Jalur Sutra vs Jalur Rempah
Negara Tiongkok, melalui program Jalur Sutra modern yang ambisius, atau Inisiatif Sabuk dan Jalan (BRI), berupaya memperluas pengaruh ekonomi dan geopolitiknya melalui infrastruktur skala besar di beberapa negara. Proyek ini diprakarsai pada tahun 2013 oleh Presiden Xi Jinping dengan menciptakan jalur perdagangan lintas benua yang menghubungkan Tiongkok dengan Eropa melalui Eurasia dan kawasan Asia-Pasifik hingga Afrika.
BRI telah memberi Tiongkok sumber daya ekonomi yang signifikan dengan membangun jaringan pemasaran melalui infrastruktur global, termasuk kereta api, pelabuhan dan jalan raya, memfasilitasi pergerakan barang dan mempercepat arus perdagangan internasional. BRI juga berperan penting dalam menstabilkan stabilitas perekonomian Tiongkok setelah menghadapi berbagai tantangan perekonomian global.
Dengan fokus pada investasi dan pembangunan berkelanjutan, BRI telah menjadi alat bagi Tiongkok untuk menegaskan dominasinya di tabel perekonomian global, sekaligus menunjukkan bagaimana rencana infrastruktur yang baik dapat memperkuat pertumbuhan ekonomi dan hubungan bilateral di Asia dan sekitarnya.
Berbeda dengan fokus Tiongkok pada pembangunan infrastruktur lintas batas, Indonesia dapat memperkuat posisinya dengan memperkuat pasar produk hilir dan turunannya, khususnya komoditas rempah-rempah. Indonesia harus memperbarui “jalur rempah-rempah” modernnya dan memperkuat posisinya dalam perdagangan dunia melalui penurunan perkebunan dan industri. Di tengah suksesnya kelapa sawit menjadi andalan devisa negara, rempah-rempah juga menunjukkan potensi besar sebagai andalan barang ekspor.
Produk olahan rempah-rempah dan obat-obatan tradisional, seperti yang dikembangkan oleh Pusat Standardisasi Alat Perkebunan (PSI Perkebunan), mempunyai potensi untuk dipasarkan tidak hanya sebagai bahan baku, tetapi juga sebagai produk tambahan yang memenuhi standar internasional, antara lain. standar nasional (SNI). Melalui standarisasi dan inovasi produk, Indonesia dapat mengembangkan rantai pasokan yang berkelanjutan untuk memenuhi permintaan pasar global.

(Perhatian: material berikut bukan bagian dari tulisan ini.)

(* Let $\mathbb{K}$ be an infinite field, let $P,Q\in\mathbb{K}[x_1,\dots,x_n]$, let $X$ be a nonsingular irreducible affine variety over $\mathbb{K}$, and let $\pi=(\pi_1,\dots,\pi_n):X\to\mathbb{K}^n$ be a regular mapping such that $Q\circ\pi$ is not identically zero and $\frac{P\circ\pi}{Q\circ\pi}\in\mathcal{P}(X)_{x_0}$ for some point $x_0\in X$. Let $\varphi=(\varphi_1,\dots,\varphi_n):(X,x_0)\to\mathbb{K}^n$ be a germ of a regular mapping such that for each $1\le i\le n$, $$\varphi_i-\pi_i\in(Q\circ\pi)\,\mathfrak{m}_{x_0}\quad\text{in the ring }\mathcal{P}(X)_{x_0},$$ where $\mathfrak{m}_{x_0}$ is the maximal ideal of $\mathcal{P}(X)_{x_0}$. Then $Q\circ\varphi$ is not identically zero and the rational function $\frac{P\circ\varphi}{Q\circ\varphi}$ is regular at $x_0$, i.e. belongs to $\mathcal{P}(X)_{x_0}$.
   Context: $\mathcal{P}(X)$ is the coordinate ring of the affine variety $X$ and $\mathcal{P}(X)_{x_0}$ its localisation at the maximal ideal of $x_0$ (the ring of germs of regular functions at $x_0$). A rational function is regular at $x_0$ if it lies in $\mathcal{P}(X)_{x_0}$ inside the field of fractions. *)

From HB Require Import structures.
From mathcomp Require Import all_boot all_order all_algebra.
From mathcomp Require Import fraction.
From mathcomp.multinomials Require Import mpoly.

Set Implicit Arguments.
Unset Strict Implicit.
Unset Printing Implicit Defensive.

Import GRing.Theory.
Local Open Scope ring_scope.

Notation "x %:F" := (@FracField.tofrac _ x) : ring_scope.

(* Points of K^m are functions 'I_m -> K; K[y] = {mpoly K[m]};         *)
(* K(y) = {fraction {mpoly K[m]}}.                                     *)

Section Defs.
Variables (K : fieldType) (m : nat).

Definition point := 'I_m -> K.

Definition infinite_field := forall s : seq K, exists x : K, x \notin s.

Definition vanishing (X : point -> Prop) (p : {mpoly K[m]}) : Prop :=
  forall x, X x -> p.@[x] = 0.

Definition zero_set (S : {mpoly K[m]} -> Prop) (x : point) : Prop :=
  forall p, S p -> p.@[x] = 0.

Definition algebraic_set (X : point -> Prop) : Prop :=
  exists S, forall x, X x <-> zero_set S x.

Definition irreducible (X : point -> Prop) : Prop :=
  (exists x, X x) /\
  forall Y Z : point -> Prop, algebraic_set Y -> algebraic_set Z ->
    (forall x, X x -> Y x \/ Z x) ->
    (forall x, X x -> Y x) \/ (forall x, X x -> Z x).

Definition affine_variety (X : point -> Prop) := algebraic_set X.

Definition prime_ideal (I : {mpoly K[m]} -> Prop) : Prop :=
  [/\ I 0, ~ I 1,
      (forall p q, I p -> I q -> I (p + q)),
      (forall p q, I q -> I (p * q)) &
      (forall p q, I (p * q) -> I p \/ I q)].

(* a chain p_0 ⊊ p_1 ⊊ ... ⊊ p_d of prime ideals of K[y] containing
   I(X), i.e. a chain of prime ideals of length d in P(X) = K[y]/I(X) *)
Definition prime_chain (X : point -> Prop) (d : nat) : Prop :=
  exists c : nat -> ({mpoly K[m]} -> Prop),
    (forall i, (i <= d)%N ->
       prime_ideal (c i) /\ (forall p, vanishing X p -> c i p)) /\
    (forall i, (i < d)%N ->
       (forall p, c i p -> c i.+1 p) /\ exists p, c i.+1 p /\ ~ c i p).

Definition dimension (X : point -> Prop) (d : nat) : Prop :=
  prime_chain X d /\ ~ prime_chain X d.+1.

Definition jacobian k (f : 'I_k -> {mpoly K[m]}) (x : point) : 'M[K]_(k, m) :=
  \matrix_(i < k, j < m) (f i)^`M(j).@[x].

Definition nonsingular_point (X : point -> Prop) (x : point) : Prop :=
  exists d, dimension X d /\
    (exists k (f : 'I_k -> {mpoly K[m]}),
        (forall i, vanishing X (f i)) /\ \rank (jacobian f x) = (m - d)%N) /\
    (forall k (f : 'I_k -> {mpoly K[m]}),
        (forall i, vanishing X (f i)) -> (\rank (jacobian f x) <= m - d)%N).

Definition nonsingular (X : point -> Prop) : Prop :=
  forall x, X x -> nonsingular_point X x.

Definition ratfun := {fraction {mpoly K[m]}}.

(* elements of K[y]_{m_x0}: rational functions a/b with b(x0) <> 0; these
   are the lifts of the elements of P(X)_{x0} = K[y]_{m_x0} / I(X) K[y]_{m_x0} *)
Definition in_local (x0 : point) (f : ratfun) : Prop :=
  exists a b : {mpoly K[m]}, b.@[x0] != 0 /\ f = a%:F / b%:F.

(* lifts of the elements of the maximal ideal m_{x0} of P(X)_{x0} *)
Definition in_maxideal (x0 : point) (f : ratfun) : Prop :=
  exists a b : {mpoly K[m]},
    a.@[x0] = 0 /\ b.@[x0] != 0 /\ f = a%:F / b%:F.

(* elements of K[y]_{m_x0} whose image in P(X)_{x0} is zero,
   i.e. the ideal I(X) K[y]_{m_x0} *)
Definition zero_germ (X : point -> Prop) (x0 : point) (f : ratfun) : Prop :=
  exists a b : {mpoly K[m]},
    vanishing X a /\ b.@[x0] != 0 /\ f = a%:F / b%:F.

Definition poly_comp n (P : {mpoly K[n]}) (pi : 'I_n -> {mpoly K[m]})
  : {mpoly K[m]} := mmap (fun c : K => c%:MP) pi P.

Definition rat_comp n (P : {mpoly K[n]}) (phi : 'I_n -> ratfun) : ratfun :=
  mmap (fun c : K => (c%:MP : {mpoly K[m]})%:F) phi P.

End Defs.

From HB Require Import structures.
From mathcomp Require Import all_boot all_order all_algebra.
From mathcomp Require Import fraction.
From mathcomp.multinomials Require Import mpoly.
From mathcomp Require Import ring.
Import GRing.Theory.
Local Open Scope ring_scope.

(* Substituting into a polynomial respects congruences modulo an ideal, so
   [phi_i = pi_i mod (Q o pi) m_x0] gives [P o phi = P o pi + (Q o pi) r1] and
   [Q o phi = (Q o pi)(1 + r2)] in P(X)_x0, with r1, r2 in m_x0.  As [1 + r2] is a
   unit of the local ring, [(P o phi)/(Q o phi) = (h + r1)/(1 + r2)] is regular,
   where [h] is the germ of [(P o pi)/(Q o pi)].  And [Q o phi] is not zero in
   P(X)_x0, for otherwise so would be [Q o pi]; but a polynomial vanishing in
   P(X)_x0 vanishes on X, because the ideal of the irreducible X is prime. *)

Definition is_ideal {R : comNzRingType} (I : R -> Prop) :=
  [/\ I 0, forall p q, I p -> I q -> I (p + q) & forall r p, I p -> I (r * p)].

Section CongruenceModuloIdeal.
Context {R : comNzRingType} (L J : R -> Prop).
Hypotheses (L0 : L 0) (L1 : L 1).
Hypotheses (LD : forall u v, L u -> L v -> L (u + v)).
Hypotheses (LM : forall u v, L u -> L v -> L (u * v)).
Hypotheses (J0 : J 0) (JD : forall u v, J u -> J v -> J (u + v)).
Hypotheses (JM : forall l u, L l -> J u -> J (l * u)).

Definition congr_mod u v := [/\ L u, L v & J (u - v)].

Lemma congr_mod_refl u : L u -> congr_mod u u.
Proof. by move=> Lu; split; rewrite ?subrr. Qed.

Lemma congr_modD u v u' v' :
  congr_mod u v -> congr_mod u' v' -> congr_mod (u + u') (v + v').
Proof.
move=> [Lu Lv Juv] [Lu' Lv' Juv'].
by split; [exact: LD | exact: LD | rewrite opprD addrACA; exact: JD].
Qed.

Lemma congr_modM u v u' v' :
  congr_mod u v -> congr_mod u' v' -> congr_mod (u * u') (v * v').
Proof.
move=> [Lu Lv Juv] [Lu' Lv' Juv']; split; [exact: LM | exact: LM |].
have -> : u * u' - v * v' = u * (u' - v') + v' * (u - v) by ring.
by apply: JD; apply: JM.
Qed.

Lemma congr_modX u v k : congr_mod u v -> congr_mod (u ^+ k) (v ^+ k).
Proof.
move=> Cuv; elim: k => [|k IHk]; first by rewrite !expr0; apply: congr_mod_refl.
by rewrite !exprS; apply: congr_modM.
Qed.

Lemma mmap_congr_mod n (S : nzRingType) (f : S -> R) (a b : 'I_n -> R) p :
  (forall c, L (f c)) -> (forall i, congr_mod (a i) (b i)) ->
  congr_mod (mmap f a p) (mmap f b p).
Proof.
move=> Lf Cab; apply: (big_ind2 congr_mod) => [||mono _].
- exact: congr_mod_refl.
- exact: congr_modD.
apply: congr_modM; first exact: congr_mod_refl.
apply: (big_ind2 congr_mod) => [||i _].
- exact: congr_mod_refl.
- exact: congr_modM.
- exact: congr_modX.
Qed.

End CongruenceModuloIdeal.

Lemma tofrac_poly_comp (K : fieldType) (m n : nat) (Q : {mpoly K[n]})
    (pi : 'I_n -> {mpoly K[m]}) :
  (poly_comp Q pi)%:F = rat_comp Q (fun i => (pi i)%:F).
Proof.
rewrite /poly_comp /rat_comp /mmap rmorph_sum; apply: eq_bigr => mono _.
rewrite rmorphM rmorph_prod; congr (_ * _); apply: eq_bigr => i _.
exact: rmorphXn.
Qed.

Section Vanishing.
Context {K : fieldType} {m : nat}.
Implicit Types (X : point K m -> Prop) (p q : {mpoly K[m]}).

Lemma is_ideal_vanishing X : is_ideal (vanishing X).
Proof.
split; first by move=> x _; rewrite meval0.
  by move=> p q Xp Xq x Xx; rewrite mevalD Xp // Xq // addr0.
by move=> r p Xp x Xx; rewrite mevalM Xp // mulr0.
Qed.

Lemma algebraic_set_zero_locus p : algebraic_set (fun x => p.@[x] = 0).
Proof. by exists (eq^~ p) => x; split=> [px0 _ -> | ]; last apply. Qed.

Lemma irreducible_vanishingM {X p q} :
  irreducible X -> vanishing X (p * q) -> (exists2 x, X x & q.@[x] != 0) ->
  vanishing X p.
Proof.
move=> [_ irrX] Xpq [x Xx qx].
have cover y : X y -> p.@[y] = 0 \/ q.@[y] = 0.
  move=> Xy; have /eqP := Xpq y Xy.
  by rewrite mevalM mulf_eq0 => /orP [] /eqP; [left | right].
have [//|Xq] := irrX _ _ (algebraic_set_zero_locus p)
  (algebraic_set_zero_locus q) cover.
by rewrite Xq ?eqxx in qx.
Qed.

End Vanishing.

Section LocalRing.
Context {K : fieldType} {m : nat} (x0 : point K m).
Implicit Types (I : {mpoly K[m]} -> Prop) (p : {mpoly K[m]}) (f g : ratfun K m).

Definition in_localized I f :=
  exists a b : {mpoly K[m]}, I a /\ b.@[x0] != 0 /\ f = a%:F / b%:F.

Lemma tofrac_neq0 p : p.@[x0] != 0 -> p%:F != 0 :> ratfun K m.
Proof. by apply: contra; rewrite tofrac_eq0 => /eqP ->; rewrite meval0. Qed.

Lemma is_ideal_root : is_ideal (fun p => p.@[x0] = 0).
Proof.
split; first by rewrite meval0.
  by move=> p q p0 q0; rewrite mevalD p0 q0 addr0.
by move=> r p p0; rewrite mevalM p0 mulr0.
Qed.

Lemma in_localE f : in_local x0 f <-> in_localized (fun _ => True) f.
Proof. by split=> [[a [b]] | [a [b [_]]]]; exists a, b. Qed.

Section Localization.
Context {I : {mpoly K[m]} -> Prop}.
Hypothesis idealI : is_ideal I.

Lemma in_localized0 : in_localized I 0.
Proof.
case: idealI => I0 _ _; exists 0, 1; split=> //.
by rewrite mevalC oner_neq0 rmorph0 mul0r.
Qed.

Lemma in_localizedD {f g} :
  in_localized I f -> in_localized I g -> in_localized I (f + g).
Proof.
case: idealI => _ ID IM [a1 [b1 [Ia1 [b1x0 ->]]]] [a2 [b2 [Ia2 [b2x0 ->]]]].
exists (a1 * b2 + a2 * b1), (b1 * b2).
split; first by apply: ID; rewrite mulrC; apply: IM.
by rewrite mevalM mulf_neq0 // addf_div ?tofrac_neq0 // rmorphD !rmorphM.
Qed.

Lemma in_localizedM {f g} :
  in_local x0 f -> in_localized I g -> in_localized I (f * g).
Proof.
case: idealI => _ _ IM [a1 [b1 [b1x0 ->]]] [a2 [b2 [Ia2 [b2x0 ->]]]].
exists (a1 * a2), (b1 * b2); split; first exact: IM.
by rewrite mevalM mulf_neq0 // mulf_div !rmorphM.
Qed.

End Localization.

Lemma in_local_localized {I f} : in_localized I f -> in_local x0 f.
Proof. by move=> [a [b [_ fE]]]; exists a, b. Qed.

Lemma in_local_tofrac p : in_local x0 p%:F.
Proof. by exists p, 1; rewrite mevalC oner_neq0 rmorph1 divr1. Qed.

Lemma is_ideal_all : is_ideal (fun _ : {mpoly K[m]} => True).
Proof. by []. Qed.

Lemma in_localD {f g} : in_local x0 f -> in_local x0 g -> in_local x0 (f + g).
Proof.
move=> /in_localE Lf /in_localE Lg.
exact/in_localE/(in_localizedD is_ideal_all Lf Lg).
Qed.

Lemma in_localM {f g} : in_local x0 f -> in_local x0 g -> in_local x0 (f * g).
Proof.
by move=> Lf /in_localE Lg; exact/in_localE/(in_localizedM is_ideal_all Lf Lg).
Qed.

Lemma in_localizedN {I f} :
  is_ideal I -> in_localized I f -> in_localized I (- f).
Proof.
move=> idealI If; have -> : - f = (-1)%:F * f by rewrite rmorphN1 mulN1r.
exact: (in_localizedM idealI (in_local_tofrac (-1)) If).
Qed.

Lemma maxideal_1D_unit {r} :
  in_maxideal x0 r -> 1 + r != 0 /\ in_local x0 (1 + r)^-1.
Proof.
move=> [a [b [ax0 [bx0 ->]]]].
have bax0 : (b + a).@[x0] != 0 by rewrite mevalD ax0 addr0.
have -> : 1 + a%:F / b%:F = (b + a)%:F / b%:F.
  by rewrite rmorphD mulrDl divff ?tofrac_neq0.
rewrite invf_div mulf_neq0 ?invr_eq0 ?tofrac_neq0 //.
by split=> //; exists b, (b + a).
Qed.

Lemma zero_germ_tofrac {X p} : irreducible X -> X x0 ->
  zero_germ X x0 p%:F -> vanishing X p.
Proof.
move=> irrX Xx0 [a [b [Xa [bx0 pE]]]].
have pbE : p * b = a.
  move/(congr1 ( *%R^~ b%:F)): pE; rewrite mulfVK ?tofrac_neq0 // -rmorphM.
  by move/eqP; rewrite tofrac_eq => /eqP.
have Xpb : vanishing X (p * b) by rewrite pbE.
by apply: (irreducible_vanishingM irrX Xpb); exists x0.
Qed.

Section MulMaxideal.
Variables (X : point K m -> Prop) (c : ratfun K m).

(* Lifts to [K(y)] of the ideal [c m_x0] of P(X)_x0. *)
Definition in_mul_maxideal f :=
  exists r z, [/\ in_maxideal x0 r, zero_germ X x0 z & f = c * r + z].

Lemma rat_comp_congr {n} (P : {mpoly K[n]}) {a b : 'I_n -> ratfun K m} :
  (forall i, in_local x0 (a i)) -> (forall i, in_local x0 (b i)) ->
  (forall i, in_mul_maxideal (a i - b i)) ->
  in_mul_maxideal (rat_comp P a - rat_comp P b).
Proof.
have ideal_root := is_ideal_root; have ideal_vanishing := is_ideal_vanishing X.
move=> La Lb Jab.
suff [] : congr_mod (in_local x0) in_mul_maxideal (rat_comp P a) (rat_comp P b).
  by [].
apply: mmap_congr_mod.
- exact: in_local_tofrac.
- exact: in_local_tofrac.
- exact: @in_localD.
- exact: @in_localM.
- exists 0, 0; rewrite mulr0 addr0.
  split=> //; first exact: in_localized0 ideal_root.
  exact: in_localized0 ideal_vanishing.
- move=> _ _ [r1 [z1 [Mr1 Zz1 ->]]] [r2 [z2 [Mr2 Zz2 ->]]].
  exists (r1 + r2), (z1 + z2); rewrite mulrDr addrACA.
  split=> //; first exact: (in_localizedD ideal_root Mr1 Mr2).
  exact: (in_localizedD ideal_vanishing Zz1 Zz2).
- move=> l _ Ll [r [z [Mr Zz ->]]].
  exists (l * r), (l * z); rewrite mulrDr mulrCA.
  split=> //; first exact: (in_localizedM ideal_root Ll Mr).
  exact: (in_localizedM ideal_vanishing Ll Zz).
- by move=> coef; apply: in_local_tofrac.
- by move=> i; split.
Qed.

End MulMaxideal.
End LocalRing.

Lemma unit_factor_cancel (F : fieldType) (a c k r s y z : F) : 1 + s != 0 ->
  c * r + y + a - (1 + s)^-1 * (k + r) * (c * (1 + s) + z) =
  a - k * c + y - (1 + s)^-1 * (k + r) * z.
Proof. by move=> ?; field. Qed.

Theorem lemma2p4 (K : fieldType) (n m : nat)
  (P Q : {mpoly K[n]}) (X : point K m -> Prop)
  (pi : 'I_n -> {mpoly K[m]}) (x0 : point K m) (phi : 'I_n -> ratfun K m) :
  infinite_field K ->
  affine_variety X -> irreducible X -> nonsingular X ->
  X x0 ->
  (* Q o pi is not identically zero on X *)
  (exists x, X x /\ (poly_comp Q pi).@[x] != 0) ->
  (* (P o pi)/(Q o pi) belongs to P(X)_{x0} *)
  (exists h, in_local x0 h /\
     zero_germ X x0 ((poly_comp P pi)%:F - h * (poly_comp Q pi)%:F)) ->
  (* phi is a germ of a regular mapping at x0 *)
  (forall i, in_local x0 (phi i)) ->
  (* phi_i - pi_i in (Q o pi) m_{x0} in P(X)_{x0} *)
  (forall i, exists r, in_maxideal x0 r /\
     zero_germ X x0 (phi i - (pi i)%:F - (poly_comp Q pi)%:F * r)) ->
  (* conclusion *)
  ~ zero_germ X x0 (rat_comp Q phi) /\
  (exists h, in_local x0 h /\
     zero_germ X x0 (rat_comp P phi - h * rat_comp Q phi)).
Proof.
move=> _ _ irrX _ Xx0 [x [Xx Qpi_x]] [h [Lh Zh]] Lphi dphi.
set c := (poly_comp Q pi)%:F in Zh dphi *.
have idealZ := is_ideal_vanishing X.
have Lpi i : in_local x0 (pi i)%:F by exact: in_local_tofrac.
have Cphi i : in_mul_maxideal x0 X c (phi i - (pi i)%:F).
  have [r [Mr Zr]] := dphi i.
  by exists r, (phi i - (pi i)%:F - c * r); rewrite [RHS]addrC subrK.
have [r1 [z1 [Mr1 Zz1 EP]]] := rat_comp_congr x0 X c P Lphi Lpi Cphi.
have [r2 [z2 [Mr2 Zz2 EQ]]] := rat_comp_congr x0 X c Q Lphi Lpi Cphi.
rewrite -!tofrac_poly_comp -/c in EP EQ.
have [r2_neq0 Lr2V] := maxideal_1D_unit x0 Mr2.
have {EQ}Qphi : rat_comp Q phi = c * (1 + r2) + z2.
  by rewrite mulrDr mulr1 -addrA -EQ addrC subrK.
split.
  move=> ZQ; have Zc : zero_germ X x0 c.
    have -> : c = (1 + r2)^-1 * (rat_comp Q phi - z2).
      by rewrite Qphi addrK mulrCA mulVf ?mulr1.
    apply: (in_localizedM x0 idealZ Lr2V).
    exact/(in_localizedD x0 idealZ ZQ)/(in_localizedN x0).
  by move: Qpi_x; rewrite (zero_germ_tofrac x0 irrX Xx0 Zc x Xx) eqxx.
have Lquot : in_local x0 ((1 + r2)^-1 * (h + r1)).
  exact/(in_localM x0 Lr2V)/(in_localD x0 Lh)/(in_local_localized x0)/Mr1.
exists ((1 + r2)^-1 * (h + r1)); split=> //.
move/eqP: EP; rewrite Qphi subr_eq => /eqP ->; rewrite unit_factor_cancel //.
apply: (in_localizedD x0 idealZ); first exact: (in_localizedD x0 idealZ Zh Zz1).
exact/(in_localizedN x0 idealZ)/(in_localizedM x0 idealZ Lquot).
Qed.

Selain itu, penguatan keutuhan penelitian dan kebudayaan menjadi kunci utama terbukanya jalur aromatik dalam seni rupa modern. Kesepakatan yang dicapai PSI Perkebunan dengan berbagai kelompok pemangku kepentingan dapat menyesuaikan produk dengan standar internasional dan kebutuhan pasar. Pendekatan ini akan memungkinkan Indonesia mengekspor produk jadi yang memiliki nilai tambah seperti minuman herbal, rempah-rempah, dan produk turunan lainnya.
Dengan memanfaatkan potensi sumber daya alam dan spesies yang dimiliki Indonesia, industrialisasi harus mengikuti model yang dibangun oleh Tiongkok. Dengan fokus pada saluran pemasaran global, pengolahan produk dan penciptaan nilai tambah dari produk perkebunan, seperti rempah-rempah. Jalur Rempah Indonesia harus memasuki babak baru, melalui kemunduran dan pembaharuan posisi Jalur Rempah modern, demi pembaharuan perekonomian nasional.